Brittle Cornea Syndrome (BCS) is a rare connective tissue disorder characterized by severe corneal thinning and a high risk of spontaneous perforation. This syndrome presents clinical challenges due to limited therapeutic options. Our study aims to highlight the difficulties associated with this condition and review the available evidence regarding its management.

We report the case of a 19-year-old female patient with muscle hypotonia, lower limb deformities, spontaneous opacification of the right cornea, and spontaneous perforation of the left cornea following minimal rubbing. 

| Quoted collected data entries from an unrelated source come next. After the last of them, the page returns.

(* Let $N \in \mathbb{N}$, $\beta>0$ and $h\in\mathbb{R}$. Let $(g_{ij})_{1\le i<j\le N}$ be independent centered Gaussian random variables with variance $1/N$, extended to a symmetric matrix by $g_{ji}=g_{ij}$ and $g_{ii}=0$. Define the quenched finite-volume free energy \[ N f_N(\beta,h) = \log E_o\left[\exp\left(\beta H_N(\sigma) + h\sum_{i=1}^N \sigma_i\right)\right], \qquad H_N(\sigma)=\sum_{1\le i<j\le N} g_{ij}\sigma_i\sigma_j = \frac12\sum_{i,j=1}^N g_{ij}\sigma_i\sigma_j, \] where $E_o$ denotes expectation with respect to the uniform probability measure $P_o(\sigma)=2^{-N}$ on $\Sigma_N=\{-1,+1\}^N$. For each fixed realization of the matrix $(g_{ij})$, let $\mathsf{X}=(\mathsf{X}_i)_{i=1}^N$ be a centered Gaussian random vector (independent of everything else, with expectation denoted $\mathsf{E}$) with covariance \[ \mathsf{E}\,\mathsf{X}_i\mathsf{X}_j = \begin{cases} \sum_{k=1}^N |g_{ik}|, & i=j,\\ g_{ij}, & i\neq j.\end{cases} \] Then \[ N f_N(\beta,h) = \log \mathsf{E}\exp\left(\sum_{i=1}^N \log\cosh\left(h+\sqrt{\beta}\,\mathsf{X}_i\right)\right) - \frac{\beta}{2}\sum_{i,j=1}^N |g_{ij}|. \]
   Context: This is the Sherrington–Kirkpatrick spin glass model. The disorder $(g_{ij})$ is quenched: the identity is asserted for each fixed realization of the matrix $(g_{ij})$, with $\mathsf{E}$ the expectation only over the auxiliary Gaussian field $\mathsf{X}$ (whose covariance depends on the realization of $(g_{ij})$). *)

From HB Require Import structures.
From mathcomp Require Import all_boot all_order all_algebra.
From mathcomp Require Import all_classical all_reals all_analysis.
Set Implicit Arguments. Unset Strict Implicit. Unset Printing Implicit Defensive.
Import Order.TTheory GRing.Theory Num.Theory.
Local Open Scope classical_set_scope.
Local Open Scope ring_scope.

Definition spin {R : realType} (b : bool) : R := if b then 1 else -1.

Definition SK_H {R : realType} (N : nat) (g : 'M[R]_N) (s : {ffun 'I_N -> bool}) : R :=
  \sum_(i < N) \sum_(j < N | (i < j)%N) g i j * spin (s i) * spin (s j).

Definition NfN {R : realType} (N : nat) (g : 'M[R]_N) (beta h : R) : R :=
  ln (\sum_(s : {ffun 'I_N -> bool})
        (2 ^+ N)^-1 * expR (beta * SK_H g s + h * \sum_(i < N) spin (s i))).

Definition logcosh {R : realType} (x : R) : R := ln ((expR x + expR (- x)) / 2).

Definition SK_cov {R : realType} (N : nat) (g : 'M[R]_N) : 'M[R]_N :=
  \matrix_(i < N, j < N) (if i == j then \sum_(k < N) `|g i k| else g i j).

(* X : Omega -> R^N is a centered Gaussian vector with covariance C:
   each coordinate is measurable and every linear combination <u,X> is
   centered normal with variance u^T C u (the Dirac mass at 0 when the
   variance vanishes). [normal_prob m s] has standard deviation s. *)
Definition centered_gaussian_vector {R : realType} (d : measure_display)
  (Omega : measurableType d) (P : probability Omega R) (N : nat)
  (C : 'M[R]_N) (X : Omega -> 'I_N -> R) : Prop :=
  (forall i, measurable_fun setT (fun w => X w i)) /\
  forall u : 'I_N -> R,
    let v := \sum_(i < N) \sum_(j < N) u i * C i j * u j in
    forall A : set R, measurable A ->
      P ((fun w => \sum_(i < N) u i * X w i) @^-1` A) =
      (if v == 0 then \d_(0 : R) A else normal_prob 0 (Num.sqrt v) A).

From HB Require Import structures.
From mathcomp Require Import all_boot all_order all_algebra.
From mathcomp Require Import all_classical all_reals all_analysis.
From mathcomp Require Import ring lra.
From mathcomp Require Import measurable_realfun.
Import Order.TTheory GRing.Theory Num.Theory.
Local Open Scope classical_set_scope.
Local Open Scope ring_scope.

(* Expanding cosh x = (e^x + e^-x)/2 in each factor turns exp(sum_i logcosh(h + sqrt(beta) X_i))
   into the average over spin configurations sigma of exp(sum_i sigma_i (h + sqrt(beta) X_i)).
   For fixed sigma, <sqrt(beta) sigma, X> is centered Gaussian with variance
   beta sigma^T C sigma = beta (sum_ij |g_ij| + 2 H_N(sigma)), because sigma_i^2 = 1 turns the
   diagonal of C into sum_ij |g_ij| and its off-diagonal part into 2 H_N(sigma). Integrating
   term by term with E exp(Y) = exp(Var Y / 2) yields exp(beta/2 sum_ij |g_ij|) times
   E_o exp(beta H_N + h sum_i sigma_i). *)

Definition quad_form {R : pzRingType} {N : nat} (C : 'M[R]_N) (u : 'I_N -> R) : R :=
  \sum_(i < N) \sum_(j < N) u i * C i j * u j.

Lemma sum_sym_zero_diag {V : nmodType} (N : nat) (F : 'I_N -> 'I_N -> V) :
  (forall i j, F j i = F i j) -> (forall i, F i i = 0) ->
  \sum_(i < N) \sum_(j < N) F i j = (\sum_(i < N) \sum_(j < N | (i < j)%N) F i j) *+ 2.
Proof.
move=> F_sym F_diag.
pose G (i j : 'I_N) := if (i < j)%N then F i j else 0.
have FG i j : F i j = G i j + G j i.
  rewrite /G; have [_|_|/val_inj ->] := ltngtP i j.
  - by rewrite addr0.
  - by rewrite add0r F_sym.
  - by rewrite F_diag addr0.
transitivity (\sum_(i < N) \sum_(j < N) G i j + \sum_(i < N) \sum_(j < N) G j i).
  rewrite -big_split; apply: eq_bigr => i _; rewrite -big_split.
  by apply: eq_bigr => j _; exact: FG.
rewrite [X in _ + X]exchange_big /= -mulr2n; congr (_ *+ 2).
by apply: eq_bigr => i _; rewrite [RHS]big_mkcond.
Qed.

Lemma spin_sqr {R : realType} (b : bool) : spin b ^+ 2 = 1 :> R.
Proof. by case: b; rewrite /spin ?sqrrN expr1n. Qed.

Lemma expR_sum_logcosh {R : realType} (N : nat) (x : 'I_N -> R) :
  expR (\sum_(i < N) logcosh (x i)) =
  \sum_(s : {ffun 'I_N -> bool}) (2 ^+ N)^-1 * expR (\sum_(i < N) spin (s i) * x i).
Proof.
rewrite expR_sum.
transitivity (\prod_(i < N) \sum_(b : bool) expR (spin b * x i) / 2).
  apply: eq_bigr => i _; rewrite /logcosh lnK; last first.
    by rewrite posrE divr_gt0 ?addr_gt0 ?expR_gt0.
  by rewrite big_bool /spin /= mul1r mulN1r mulrDl addrC.
rewrite bigA_distr_bigA /=; apply: eq_bigr => s _.
by rewrite big_split /= -expR_sum prodr_const card_ord mulrC exprVn.
Qed.

Lemma expR_NfN {R : realType} (N : nat) (g : 'M[R]_N) (beta h : R) :
  expR (NfN g beta h) = \sum_(s : {ffun 'I_N -> bool})
    (2 ^+ N)^-1 * expR (beta * SK_H g s + h * \sum_(i < N) spin (s i)).
Proof.
have term_gt0 (s : {ffun 'I_N -> bool}) :
    0 < (2 ^+ N)^-1 * expR (beta * SK_H g s + h * \sum_(i < N) spin (s i)) :> R.
  by rewrite mulr_gt0 ?expR_gt0 // invr_gt0 exprn_gt0.
rewrite /NfN lnK // posrE (bigD1 [ffun=> true]) //=.
by apply: ltr_pwDl => //; apply: sumr_ge0 => s _; exact/ltW.
Qed.

Section SK_covariance.
Variables (R : realType) (N : nat) (g : 'M[R]_N).
Hypothesis g_sym : forall i j, g j i = g i j.
Hypothesis g_diag : forall i, g i i = 0.

Lemma SK_H_double (s : {ffun 'I_N -> bool}) :
  2 * SK_H g s = \sum_(i < N) \sum_(j < N) g i j * spin (s i) * spin (s j).
Proof.
rewrite sum_sym_zero_diag ?mulr_natl // => [i j|i].
  by rewrite g_sym mulrAC.
by rewrite g_diag !mul0r.
Qed.

Lemma quad_form_SK_cov (u : 'I_N -> R) :
  quad_form (SK_cov g) u =
  \sum_(i < N) \sum_(j < N) (`|g i j| * u i ^+ 2 + g i j * u i * u j).
Proof.
apply: eq_bigr => i _.
rewrite big_split /= -mulr_suml [LHS](bigD1 i) //= [X in _ = _ + X](bigD1 i) //=.
rewrite g_diag !mul0r add0r; congr (_ + _).
  by rewrite mxE eqxx; ring.
by apply: eq_bigr => j ji; rewrite mxE eq_sym (negbTE ji); ring.
Qed.

Lemma quad_form_SK_cov_ge0 (u : 'I_N -> R) : 0 <= quad_form (SK_cov g) u.
Proof.
pose a i j := `|g i j| * u i ^+ 2 + g i j * u i * u j.
have pair_ge0 i j : 0 <= a i j + a j i.
  (* |g| (x^2 + y^2) + 2 g x y = ((|g| + g) (x + y)^2 + (|g| - g) (x - y)^2) / 2 *)
  have /andP[lo hi] : - `|g i j| <= g i j <= `|g i j| by rewrite -ler_norml.
  have : 0 <= (`|g i j| + g i j) * (u i + u j) ^+ 2.
    by rewrite mulr_ge0 ?sqr_ge0 // addrC -lerBlDr sub0r.
  have : 0 <= (`|g i j| - g i j) * (u i - u j) ^+ 2.
    by rewrite mulr_ge0 ?sqr_ge0 // subr_ge0.
  rewrite /a (g_sym i j); lra.
rewrite quad_form_SK_cov -(pmulrn_lge0 _ (isT : (0 < 2)%N)) mulr2n.
rewrite [X in _ + X]exchange_big -big_split /=; apply: sumr_ge0 => i _.
by rewrite -big_split /=; apply: sumr_ge0 => j _; exact: pair_ge0.
Qed.

Lemma quad_form_SK_cov_spin (a : R) (s : {ffun 'I_N -> bool}) :
  quad_form (SK_cov g) (fun i => a * spin (s i)) =
  a ^+ 2 * (\sum_(i < N) \sum_(j < N) `|g i j| + 2 * SK_H g s).
Proof.
rewrite quad_form_SK_cov SK_H_double mulrDr !mulr_sumr -big_split /=.
apply: eq_bigr => i _; rewrite !mulr_sumr -big_split /=.
by apply: eq_bigr => j _; rewrite exprMn spin_sqr; ring.
Qed.
End SK_covariance.

Section normal_mgf.
Context {R : realType}.
Local Notation mu := (@lebesgue_measure R).

Lemma integral_expR_normal_pdf (s : R) : s != 0 ->
  (\int[mu]_y ((expR y)%:E * (normal_pdf 0 s y)%:E) = (expR (s ^+ 2 / 2))%:E)%E.
Proof.
move=> s0.
(* Completing the square: e^y times the N(0, s^2) density is e^(s^2/2) times the N(s^2, s^2) one. *)
transitivity (\int[mu]_y ((expR (s ^+ 2 / 2))%:E * (normal_pdf (s ^+ 2) s y)%:E))%E.
  apply: eq_integral => y _; rewrite -!EFinM; congr EFin.
  rewrite /normal_pdf (negbTE s0) mulrCA [RHS]mulrCA; congr (_ * _).
  by rewrite /normal_fun -!expRD; congr expR; field.
rewrite -[RHS]mule1 -(integral_normal_pdf (s ^+ 2) s).
apply: ge0_integralZl => //.
- by apply/measurable_EFinP; exact: measurable_normal_pdf.
- by move=> y _; rewrite lee_fin normal_pdf_ge0.
Qed.

Lemma integral_expR_normal_prob (s : R) : s != 0 ->
  (\int[normal_prob 0 s]_y (expR y)%:E = (expR (s ^+ 2 / 2))%:E)%E.
Proof.
move=> s0.
have mexpR : measurable_fun setT (fun y : R => (expR y)%:E).
  by apply/measurable_EFinP; exact: measurable_expR.
have dom := @normal_prob_dominates R 0 s.
rewrite -(Radon_Nikodym_SigmaFinite.change_of_variables dom) //.
rewrite -(integral_expR_normal_pdf _ s0).
apply: ae_eq_integral => //.
- apply: emeasurable_funM => //; apply: measurable_int.
  exact: Radon_Nikodym_SigmaFinite.f_integrable.
- by apply: emeasurable_funM => //; apply/measurable_EFinP; exact: measurable_normal_pdf.
apply: ae_eqe_mul2l; apply: integral_ae_eq => //.
- exact: Radon_Nikodym_SigmaFinite.f_integrable.
- by apply/measurable_EFinP; exact: measurable_normal_pdf.
by move=> E _ mE; rewrite -Radon_Nikodym_SigmaFinite.f_integral.
Qed.
End normal_mgf.

Section centered_gaussian_vector.
Context {R : realType} {d : measure_display} {Omega : measurableType d}.
Context {P : probability Omega R} {N : nat} {C : 'M[R]_N} {X : Omega -> 'I_N -> R}.
Hypothesis X_gauss : centered_gaussian_vector P C X.

Lemma measurable_linear_form (u : 'I_N -> R) :
  measurable_fun setT (fun w => \sum_(i < N) u i * X w i).
Proof. by apply: measurable_sum => i; apply: measurable_funM => //; exact: X_gauss.1. Qed.

Lemma centered_gaussian_vector_mgf (u : 'I_N -> R) : 0 <= quad_form C u ->
  (\int[P]_w (expR (\sum_(i < N) u i * X w i))%:E = (expR (quad_form C u / 2))%:E)%E.
Proof.
move=> v_ge0.
pose Y : Omega -> measurableTypeR R := fun w => \sum_(i < N) u i * X w i.
have lawY A : measurable A -> P (Y @^-1` A) = if quad_form C u == 0
    then \d_(0 : R) A else normal_prob 0 (Num.sqrt (quad_form C u)) A.
  exact: X_gauss.2.
have mY : measurable_fun setT Y by exact: measurable_linear_form.
have mexpR : measurable_fun setT (fun y : measurableTypeR R => (expR y)%:E).
  by apply/measurable_EFinP; exact: measurable_expR.
have -> : (\int[P]_w (expR (\sum_(i < N) u i * X w i))%:E =
           \int[pushforward P Y]_y (expR y)%:E)%E.
  by rewrite (ge0_integral_pushforward mY).
have [v0|v_neq0] := eqVneq (quad_form C u) 0.
  rewrite v0 eqxx in lawY.
  rewrite (@eq_measure_integral _ _ _ setT (\d_(0 : measurableTypeR R))); last first.
    by move=> A mA _; exact: lawY.
  by rewrite integral_dirac // diracT mul1e v0 mul0r expR0.
rewrite (negbTE v_neq0) in lawY.
rewrite (@eq_measure_integral _ _ _ setT (normal_prob 0 (Num.sqrt (quad_form C u)))); last first.
  by move=> A mA _; exact: lawY.
rewrite integral_expR_normal_prob ?sqr_sqrtr //.
by rewrite sqrtr_eq0 -ltNge lt_neqAle eq_sym v_neq0.
Qed.

Lemma centered_gaussian_vector_mgf_sum (I : finType) (c : I -> R) (u : I -> 'I_N -> R) :
  (forall k, 0 <= c k) -> (forall k, 0 <= quad_form C (u k)) ->
  (\int[P]_w (\sum_(k : I) c k * expR (\sum_(i < N) u k i * X w i))%:E =
   (\sum_(k : I) c k * expR (quad_form C (u k) / 2))%:E)%E.
Proof.
move=> c_ge0 u_ge0.
have mexp k : measurable_fun setT (fun w => expR (\sum_(i < N) u k i * X w i)).
  by apply: measurableT_comp; [exact: measurable_expR | exact: measurable_linear_form].
under eq_integral do rewrite -sumEFin.
rewrite ge0_integral_sum //; last 2 first.
- by move=> k; apply/measurable_EFinP; apply: measurable_funM.
- by move=> k w _; rewrite lee_fin mulr_ge0 ?expR_ge0.
rewrite -sumEFin; apply: eq_bigr => k _.
under eq_integral do rewrite EFinM.
rewrite ge0_integralZl ?lee_fin //.
- by rewrite centered_gaussian_vector_mgf.
- by apply/measurable_EFinP; exact: mexp.
Qed.
End centered_gaussian_vector.

Theorem mainTheorem1 (R : realType) (N : nat) (beta h : R) (g : 'M[R]_N)
  (d : measure_display) (Omega : measurableType d) (P : probability Omega R)
  (X : Omega -> 'I_N -> R) :
  0 < beta ->
  g^T = g ->
  (forall i : 'I_N, g i i = 0) ->
  centered_gaussian_vector P (SK_cov g) X ->
  (\int[P]_w (expR (\sum_(i < N) logcosh (h + Num.sqrt beta * X w i)))%:E)%E
  = (expR (NfN g beta h + beta / 2 * \sum_(i < N) \sum_(j < N) `|g i j|))%:E.
Proof.
move=> beta_gt0 gT g_diag X_gauss.
have g_sym i j : g j i = g i j by rewrite -[in RHS]gT mxE.
pose c (s : {ffun 'I_N -> bool}) := (2 ^+ N)^-1 * expR (h * \sum_(i < N) spin (s i)).
pose u (s : {ffun 'I_N -> bool}) i := Num.sqrt beta * spin (s i).
have quad_u s : quad_form (SK_cov g) (u s) =
    beta * (\sum_(i < N) \sum_(j < N) `|g i j| + 2 * SK_H g s).
  by rewrite quad_form_SK_cov_spin // sqr_sqrtr // ltW.
transitivity (\int[P]_w (\sum_s c s * expR (\sum_(i < N) u s i * X w i))%:E)%E.
  apply: eq_integral => w _; congr EFin; rewrite expR_sum_logcosh.
  apply: eq_bigr => s _; rewrite /c -mulrA -expRD mulr_sumr -big_split /=.
  by congr (_ * expR _); apply: eq_bigr => i _; rewrite /u; ring.
rewrite (centered_gaussian_vector_mgf_sum X_gauss); last 2 first.
- by move=> s; rewrite mulr_ge0 ?expR_ge0 // invr_ge0 exprn_ge0.
- by move=> s; exact: quad_form_SK_cov_ge0.
congr EFin; rewrite expRD expR_NfN mulr_suml; apply: eq_bigr => s _.
by rewrite /c quad_u -!mulrA -!expRD; congr (_ * expR _); field.
Qed.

Ophthalmological examination revealed limited visual acuity, exaggerated eyelid elasticity, and a bluish sclera. Anterior segment OCT showed significant corneo-scleral thinning with associated Descemet membrane ruptures. The general examination also revealed musculoskeletal anomalies and abnormal imaging findings, leading to the diagnosis of Brittle Cornea Syndrome.

BCS is an autosomal recessive disorder characterized by increased connective tissue fragility, presenting with corneal ruptures and ectasias. It is often underdiagnosed due to its rarity and clinical overlap with other collagen disorders. Genetic testing is crucial for an accurate diagnosis. Preventing minor ocular trauma is essential to avoid corneal perforation. Treatment options include corneal strengthening techniques such as epikeratoplasty and collagen cross-linking.

Early diagnosis of BCS is critical to prevent severe ocular damage. Genetic differentiation is necessary to guide appropriate counseling and therapeutic interventions for each patient. Corneal strengthening procedures offer hope for treatment but require a precise prior diagnosis.